Stored items
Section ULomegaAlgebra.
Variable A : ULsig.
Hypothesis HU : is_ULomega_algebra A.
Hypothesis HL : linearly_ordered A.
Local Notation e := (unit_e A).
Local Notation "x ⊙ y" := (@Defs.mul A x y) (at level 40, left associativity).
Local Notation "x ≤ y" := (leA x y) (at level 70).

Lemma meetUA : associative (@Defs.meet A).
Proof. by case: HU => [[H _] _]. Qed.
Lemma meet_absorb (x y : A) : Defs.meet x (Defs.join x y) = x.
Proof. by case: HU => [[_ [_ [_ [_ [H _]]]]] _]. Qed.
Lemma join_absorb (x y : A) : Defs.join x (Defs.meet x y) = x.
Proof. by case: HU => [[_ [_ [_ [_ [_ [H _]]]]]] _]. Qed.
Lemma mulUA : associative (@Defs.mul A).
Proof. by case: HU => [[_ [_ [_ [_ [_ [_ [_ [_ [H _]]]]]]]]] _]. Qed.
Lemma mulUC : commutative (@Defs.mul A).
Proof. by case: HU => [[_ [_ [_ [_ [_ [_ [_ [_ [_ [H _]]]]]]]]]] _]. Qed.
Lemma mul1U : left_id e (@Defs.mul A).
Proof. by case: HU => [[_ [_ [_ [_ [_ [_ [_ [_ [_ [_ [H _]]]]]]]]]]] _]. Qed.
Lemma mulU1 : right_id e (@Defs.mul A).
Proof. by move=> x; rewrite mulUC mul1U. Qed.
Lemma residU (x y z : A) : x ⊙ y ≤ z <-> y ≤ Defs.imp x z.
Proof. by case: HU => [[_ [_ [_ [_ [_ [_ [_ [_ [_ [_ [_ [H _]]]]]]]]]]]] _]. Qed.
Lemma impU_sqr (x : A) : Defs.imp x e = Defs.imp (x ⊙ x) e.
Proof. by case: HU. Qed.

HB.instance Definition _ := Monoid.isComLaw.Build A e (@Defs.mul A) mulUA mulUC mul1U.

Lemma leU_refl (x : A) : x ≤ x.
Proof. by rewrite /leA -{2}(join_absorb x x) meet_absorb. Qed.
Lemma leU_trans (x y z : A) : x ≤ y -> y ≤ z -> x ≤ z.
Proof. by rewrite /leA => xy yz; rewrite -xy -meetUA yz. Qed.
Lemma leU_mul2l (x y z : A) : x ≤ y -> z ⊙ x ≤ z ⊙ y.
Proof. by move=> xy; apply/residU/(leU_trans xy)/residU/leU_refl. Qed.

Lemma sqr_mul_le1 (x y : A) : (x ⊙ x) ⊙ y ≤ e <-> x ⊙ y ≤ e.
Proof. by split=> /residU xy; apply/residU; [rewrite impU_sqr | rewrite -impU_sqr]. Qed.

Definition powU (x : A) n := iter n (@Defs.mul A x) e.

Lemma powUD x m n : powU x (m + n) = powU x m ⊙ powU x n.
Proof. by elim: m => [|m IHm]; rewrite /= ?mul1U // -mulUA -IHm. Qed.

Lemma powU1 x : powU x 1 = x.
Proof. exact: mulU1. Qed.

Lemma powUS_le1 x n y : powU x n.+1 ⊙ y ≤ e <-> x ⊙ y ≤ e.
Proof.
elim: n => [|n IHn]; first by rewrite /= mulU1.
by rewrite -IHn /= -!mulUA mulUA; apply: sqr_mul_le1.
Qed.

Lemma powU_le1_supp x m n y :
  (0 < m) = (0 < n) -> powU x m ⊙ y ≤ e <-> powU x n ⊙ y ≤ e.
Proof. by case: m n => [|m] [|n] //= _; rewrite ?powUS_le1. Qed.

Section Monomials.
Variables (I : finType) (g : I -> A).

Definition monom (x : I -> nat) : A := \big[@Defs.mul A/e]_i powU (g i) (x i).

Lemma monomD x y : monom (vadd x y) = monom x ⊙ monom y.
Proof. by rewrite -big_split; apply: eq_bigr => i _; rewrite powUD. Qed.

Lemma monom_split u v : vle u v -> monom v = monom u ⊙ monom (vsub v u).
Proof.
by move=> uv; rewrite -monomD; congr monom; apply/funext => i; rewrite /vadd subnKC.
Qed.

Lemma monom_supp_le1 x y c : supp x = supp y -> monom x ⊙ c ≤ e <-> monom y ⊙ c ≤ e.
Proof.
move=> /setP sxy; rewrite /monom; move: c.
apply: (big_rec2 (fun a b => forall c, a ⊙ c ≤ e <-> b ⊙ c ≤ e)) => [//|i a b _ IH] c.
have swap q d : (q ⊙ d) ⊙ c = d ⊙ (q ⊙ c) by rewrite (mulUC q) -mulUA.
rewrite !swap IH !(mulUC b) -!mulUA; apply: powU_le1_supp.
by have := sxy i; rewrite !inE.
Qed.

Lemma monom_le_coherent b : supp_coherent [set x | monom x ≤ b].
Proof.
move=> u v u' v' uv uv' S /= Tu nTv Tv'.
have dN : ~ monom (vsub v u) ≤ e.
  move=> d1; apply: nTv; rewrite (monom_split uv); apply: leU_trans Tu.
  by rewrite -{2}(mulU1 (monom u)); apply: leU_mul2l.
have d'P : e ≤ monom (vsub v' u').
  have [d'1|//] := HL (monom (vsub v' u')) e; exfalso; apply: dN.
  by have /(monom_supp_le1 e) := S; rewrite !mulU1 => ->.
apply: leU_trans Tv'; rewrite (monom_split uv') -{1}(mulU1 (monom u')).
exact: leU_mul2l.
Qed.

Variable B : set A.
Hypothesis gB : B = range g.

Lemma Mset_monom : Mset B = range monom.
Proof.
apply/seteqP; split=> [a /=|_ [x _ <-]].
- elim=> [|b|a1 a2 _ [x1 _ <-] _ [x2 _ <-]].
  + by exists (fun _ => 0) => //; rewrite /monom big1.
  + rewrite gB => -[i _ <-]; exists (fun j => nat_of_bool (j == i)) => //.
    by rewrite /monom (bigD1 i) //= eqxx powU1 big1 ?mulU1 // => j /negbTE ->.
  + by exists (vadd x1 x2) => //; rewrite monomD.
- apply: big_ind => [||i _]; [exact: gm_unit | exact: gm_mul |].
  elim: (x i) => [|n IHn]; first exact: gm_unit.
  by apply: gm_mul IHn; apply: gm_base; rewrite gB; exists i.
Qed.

> [WORK TASK]:
Set down, exactly as written, each line of the data from its opening line through the one containing "Proof. by case: HU => [[H _] _]. Qed.". Output nothing more.

> [SOLVED EXERCISE]:
Section ULomegaAlgebra.
Variable A : ULsig.
Hypothesis HU : is_ULomega_algebra A.
Hypothesis HL : linearly_ordered A.
Local Notation e := (unit_e A).
Local Notation "x ⊙ y" := (@Defs.mul A x y) (at level 40, left associativity).
Local Notation "x ≤ y" := (leA x y) (at level 70).

Lemma meetUA : associative (@Defs.meet A).
Proof. by case: HU => [[H _] _]. Qed.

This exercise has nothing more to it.